**Assigned task**.
Using the listing below, copy exactly the lines from the one containing "Variables (R : realType) (n m : nat)." to the one containing "have p'_gt0 : 0", both lines included, and no others.

**Data to use**.
Definition mxsqrt n (A : 'M[C]_n) := mxfun (fun x => Num.sqrt x) A.
(* A^{-1/2}, inverse taken on the support *)
Definition mxinvsqrt n (A : 'M[C]_n) :=
  mxfun (fun x => if 0 < x then (Num.sqrt x)^-1 else 0) A.
Definition mxlog n (A : 'M[C]_n) := mxfun (fun x => if 0 < x then ln x else 0) A.
Definition suppproj n (A : 'M[C]_n) := mxfun (fun x => if x != 0 then 1 else 0) A.

(* supp A included in supp B (support = range = column space) *)
Definition supp_sub n (A B : 'M[C]_n) : bool := (A^T <= B^T)%MS.

Definition relent n (rho sigma : 'M[C]_n) : \bar R :=
  if supp_sub rho sigma
  then (complex.Re (\tr (rho *m (mxlog rho - mxlog sigma))))%:E
  else +oo%E.

Definition petz n m (Phi : 'M[C]_n -> 'M[C]_m) (vphi : 'M[C]_n) (X : 'M[C]_m)
  : 'M[C]_n :=
  mxsqrt vphi *m hsadj Phi (mxinvsqrt (Phi vphi) *m X *m mxinvsqrt (Phi vphi))
    *m mxsqrt vphi.

End QDefs.

From HB Require Import structures.
From mathcomp Require Import all_boot all_order all_algebra.
From mathcomp Require Import reals ereal sequences exp.
From mathcomp.real_closed Require Import complex.
From mathcomp Require Import ring lra.
Import Order.TTheory GRing.Theory Num.Theory.
Set Implicit Arguments.
Unset Strict Implicit.
Unset Printing Implicit Defensive.
Local Open Scope ring_scope.
Local Open Scope sesquilinear_scope.

(* Everything is diagonal in the eigenbases (u_i) of rho, vphi and (v_k) of
   Phi rho, Phi vphi, so the statement is classical: T i k = <v_k|Phi(|u_i><u_i|)|v_k>
   is a stochastic matrix (positivity and trace preservation of Phi) sending p to
   p' and r to r'.  The functional calculus evaluates gamma to
   sum_(i,k) [p_i <> 0] r_i [r'_k > 0] (p'_k / r'_k) T i k.  A term with
   p_i T i k > 0 has r_i, r'_k > 0 (supp rho <= supp vphi) and equals
   p_i T i k e^(-m(i,k)); the other terms vanish.  Summing over i first bounds
   gamma by sum_(k | r'_k > 0) p'_k <= 1.  If also supp vphi <= supp rho, the
   sum over i is exact and r'_k = 0 forces p'_k = 0, so gamma = 1. *)

Lemma psumr_gt0 (R : numDomainType) (I : finType) (P : pred I) (F : I -> R) j :
  (forall i, P i -> 0 <= F i) -> P j -> 0 < F j -> 0 < \sum_(i | P i) F i.
Proof.
move=> F_ge0 Pj Fj_gt0; rewrite (bigD1 j) //= ltr_pwDl // sumr_ge0 // => i.
by move=> /andP[/F_ge0].
Qed.

Section RecoveredMass.
Variables (R : realType) (n m : nat).
Variables (p r : 'I_n -> R) (p' r' : 'I_m -> R) (T : 'I_n -> 'I_m -> R).

Definition entropy_production i k : R :=
  (- ln (p' k) + ln (p i)) - (- ln (r' k) + ln (r i)).

Definition recovered_mass : R :=
  \sum_i \sum_k
    (if p i != 0 then r i else 0) * (if 0 < r' k then p' k / r' k else 0) * T i k.

Hypotheses (p_ge0 : forall i, 0 <= p i) (r_ge0 : forall i, 0 <= r i).
Hypotheses (T_ge0 : forall i k, 0 <= T i k) (T_sum1 : forall i, \sum_k T i k = 1).
Hypotheses (p'E : forall k, p' k = \sum_i p i * T i k)
  (r'E : forall k, r' k = \sum_i r i * T i k).
Hypothesis supp_pr : forall i, p i != 0 -> r i != 0.

Lemma ler_push_term (a : 'I_n -> R) i k :
  (forall j, 0 <= a j) -> a i * T i k <= \sum_j a j * T j k.
Proof.
by move=> a_ge0; rewrite (bigD1 i) //= lerDl sumr_ge0 // => j _; rewrite mulr_ge0.
Qed.

Lemma p'_ge0 k : 0 <= p' k.
Proof. by rewrite p'E sumr_ge0 // => i _; rewrite mulr_ge0. Qed.

Lemma fluctuation_term i k :
  (if 0 < p i * T i k then p i * T i k * expR (- entropy_production i k) else 0) =
  (if p i != 0 then r i else 0) * (if 0 < r' k then p' k / r' k else 0) * T i k.
Proof.
case: ltP => [pT_gt0 | pT_le0]; last first.
  have /eqP : p i * T i k = 0 by apply/eqP; rewrite eq_le pT_le0 mulr_ge0.
  by rewrite mulf_eq0 => /orP[] /eqP ->; rewrite ?eqxx ?mulr0 ?mul0r.
have p_gt0 : 0 < p i.
  by rewrite lt0r p_ge0 andbT; apply: contraTneq pT_gt0 => ->; rewrite mul0r ltxx.
have T_gt0 : 0 < T i k.
  by rewrite lt0r T_ge0 andbT; apply: contraTneq pT_gt0 => ->; rewrite mulr0 ltxx.
have r_gt0 : 0 < r i by rewrite lt0r r_ge0 supp_pr ?gt_eqF.
have r'_gt0 : 0 < r' k.
  by rewrite r'E (lt_le_trans _ (ler_push_term i k r_ge0)) ?mulr_gt0.
have p'_gt0 : 0 < p' k by rewrite p'E (lt_le_trans pT_gt0 (ler_push_term i k p_ge0)).
have -> : - entropy_production i k = (ln (p' k) + ln (r i)) - (ln (p i) + ln (r' k)).
  by rewrite /entropy_production; lra.
rewrite gt_eqF //= r'_gt0 expRD expRN !expRD !lnK ?posrE //.
by field; rewrite ?gt_eqF.
Qed.

Lemma fluctuation_sum :
  \sum_i \sum_(k | 0 < p i * T i k) p i * T i k * expR (- entropy_production i k) =
  recovered_mass.
Proof.
apply: eq_bigr => i _; rewrite big_mkcond; apply: eq_bigr => k _.
exact: fluctuation_term.
Qed.

Lemma recovered_mass_gt0 : \sum_i p i = 1 -> 0 < recovered_mass.
Proof.
move=> p_sum1; rewrite -fluctuation_sum.
have summand_ge0 i k : 0 < p i * T i k ->
    0 <= p i * T i k * expR (- entropy_production i k).
  by move=> /ltW pT_ge0; rewrite mulr_ge0 ?expR_ge0.
have [i /andP[_ p_gt0]] : exists i, true && (0 < p i).
  by apply: psumr_neq0P => [i _|]; rewrite ?p_sum1; [exact: p_ge0 | apply/eqP/oner_neq0].
have [k /andP[_ T_gt0]] : exists k, true && (0 < T i k).
  by apply: psumr_neq0P => [k _|]; rewrite ?T_sum1; [exact: T_ge0 | apply/eqP/oner_neq0].
have pT_gt0 : 0 < p i * T i k by rewrite mulr_gt0.
apply: (@psumr_gt0 _ _ xpredT _ i) => // [j _|]; first by apply: sumr_ge0 => l /summand_ge0.
apply: (@psumr_gt0 _ _ (fun l => 0 < p i * T i l) _ k) => // [l /summand_ge0 //|].
by rewrite mulr_gt0 ?expR_gt0.
Qed.

Lemma p'_sum1 : \sum_i p i = 1 -> \sum_k p' k = 1.
Proof.
move=> <-; under eq_bigr do rewrite p'E.
by rewrite exchange_big; apply: eq_bigr => i _; rewrite -mulr_sumr T_sum1 mulr1.
Qed.

Lemma recovered_mass_le : recovered_mass <= \sum_k (if 0 < r' k then p' k else 0).
Proof.
rewrite /recovered_mass exchange_big /=; apply: ler_sum => k _.
case: ifP => [r'_gt0 | _]; last by rewrite big1 // => i _; rewrite mulr0 mul0r.
set y := p' k / r' k.
have -> : p' k = y * r' k by rewrite /y divfK ?lt0r_neq0.
rewrite r'E mulr_sumr; apply: ler_sum => i _.
rewrite mulrAC mulrC; apply: ler_wpM2l; first by rewrite divr_ge0 ?p'_ge0 ?ltW.
by case: ifP; rewrite ?mul0r ?mulr_ge0.
Qed.

Lemma p'_eq0 k : r' k = 0 -> p' k = 0.
Proof.
move=> r'0; rewrite p'E big1 // => i _.
have /eqP : r i * T i k = 0.
  by move: r'0; rewrite r'E => /psumr_eq0P; apply=> // j _; rewrite mulr_ge0.
rewrite mulf_eq0 => /orP[r0 | /eqP ->]; last by rewrite mulr0.
have /eqP p0 : p i == 0 by apply: contraTT r0 => /supp_pr.
by rewrite p0 mul0r.
Qed.

Lemma recovered_mass_le1 : \sum_i p i = 1 -> recovered_mass <= 1.
Proof.
move=> /p'_sum1 <-; apply: (le_trans recovered_mass_le); apply: ler_sum => k _.
by case: ifP => // _; exact: p'_ge0.
Qed.

Lemma recovered_mass_eq1 : \sum_i p i = 1 ->
  (forall i, r i != 0 -> p i != 0) -> recovered_mass = 1.
Proof.
move=> /p'_sum1 <- supp_rp; rewrite /recovered_mass exchange_big /=.
apply: eq_bigr => k _; case: ltP => [r'_gt0 | r'_le0]; last first.
  have r'0 : r' k = 0.
    by apply/eqP; rewrite eq_le r'_le0 r'E sumr_ge0 // => i _; rewrite mulr_ge0.
  by rewrite p'_eq0 // big1 // => i _; rewrite mulr0 mul0r.
set y := p' k / r' k.
have -> : p' k = y * r' k by rewrite /y divfK ?lt0r_neq0.
rewrite r'E mulr_sumr; apply: eq_bigr => i _.
have -> : (if p i != 0 then r i else 0) = r i.
  by case: eqVneq => [p0 | //]; apply/esym/eqP/contraT => /supp_rp; rewrite p0 eqxx.
by rewrite mulrAC mulrC.
Qed.

End RecoveredMass.

Lemma mxtrace_sum (V : nmodType) n I (r : seq I) (P : pred I) (F : I -> 'M[V]_n) :
  \tr (\sum_(i <- r | P i) F i) = \sum_(i <- r | P i) \tr (F i).
Proof. exact: (big_morph _ (@mxtraceD _ _) (mxtrace0 _ _)). Qed.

**Task response**.
Variables (R : realType) (n m : nat).
Variables (p r : 'I_n -> R) (p' r' : 'I_m -> R) (T : 'I_n -> 'I_m -> R).

Definition entropy_production i k : R :=
  (- ln (p' k) + ln (p i)) - (- ln (r' k) + ln (r i)).

Definition recovered_mass : R :=
  \sum_i \sum_k
    (if p i != 0 then r i else 0) * (if 0 < r' k then p' k / r' k else 0) * T i k.

Hypotheses (p_ge0 : forall i, 0 <= p i) (r_ge0 : forall i, 0 <= r i).
Hypotheses (T_ge0 : forall i k, 0 <= T i k) (T_sum1 : forall i, \sum_k T i k = 1).
Hypotheses (p'E : forall k, p' k = \sum_i p i * T i k)
  (r'E : forall k, r' k = \sum_i r i * T i k).
Hypothesis supp_pr : forall i, p i != 0 -> r i != 0.

Lemma ler_push_term (a : 'I_n -> R) i k :
  (forall j, 0 <= a j) -> a i * T i k <= \sum_j a j * T j k.
Proof.
by move=> a_ge0; rewrite (bigD1 i) //= lerDl sumr_ge0 // => j _; rewrite mulr_ge0.
Qed.

Lemma p'_ge0 k : 0 <= p' k.
Proof. by rewrite p'E sumr_ge0 // => i _; rewrite mulr_ge0. Qed.

Lemma fluctuation_term i k :
  (if 0 < p i * T i k then p i * T i k * expR (- entropy_production i k) else 0) =
  (if p i != 0 then r i else 0) * (if 0 < r' k then p' k / r' k else 0) * T i k.
Proof.
case: ltP => [pT_gt0 | pT_le0]; last first.
  have /eqP : p i * T i k = 0 by apply/eqP; rewrite eq_le pT_le0 mulr_ge0.
  by rewrite mulf_eq0 => /orP[] /eqP ->; rewrite ?eqxx ?mulr0 ?mul0r.
have p_gt0 : 0 < p i.
  by rewrite lt0r p_ge0 andbT; apply: contraTneq pT_gt0 => ->; rewrite mul0r ltxx.
have T_gt0 : 0 < T i k.
  by rewrite lt0r T_ge0 andbT; apply: contraTneq pT_gt0 => ->; rewrite mulr0 ltxx.
have r_gt0 : 0 < r i by rewrite lt0r r_ge0 supp_pr ?gt_eqF.
have r'_gt0 : 0 < r' k.
  by rewrite r'E (lt_le_trans _ (ler_push_term i k r_ge0)) ?mulr_gt0.
have p'_gt0 : 0 < p' k by rewrite p'E (lt_le_trans pT_gt0 (ler_push_term i k p_ge0)).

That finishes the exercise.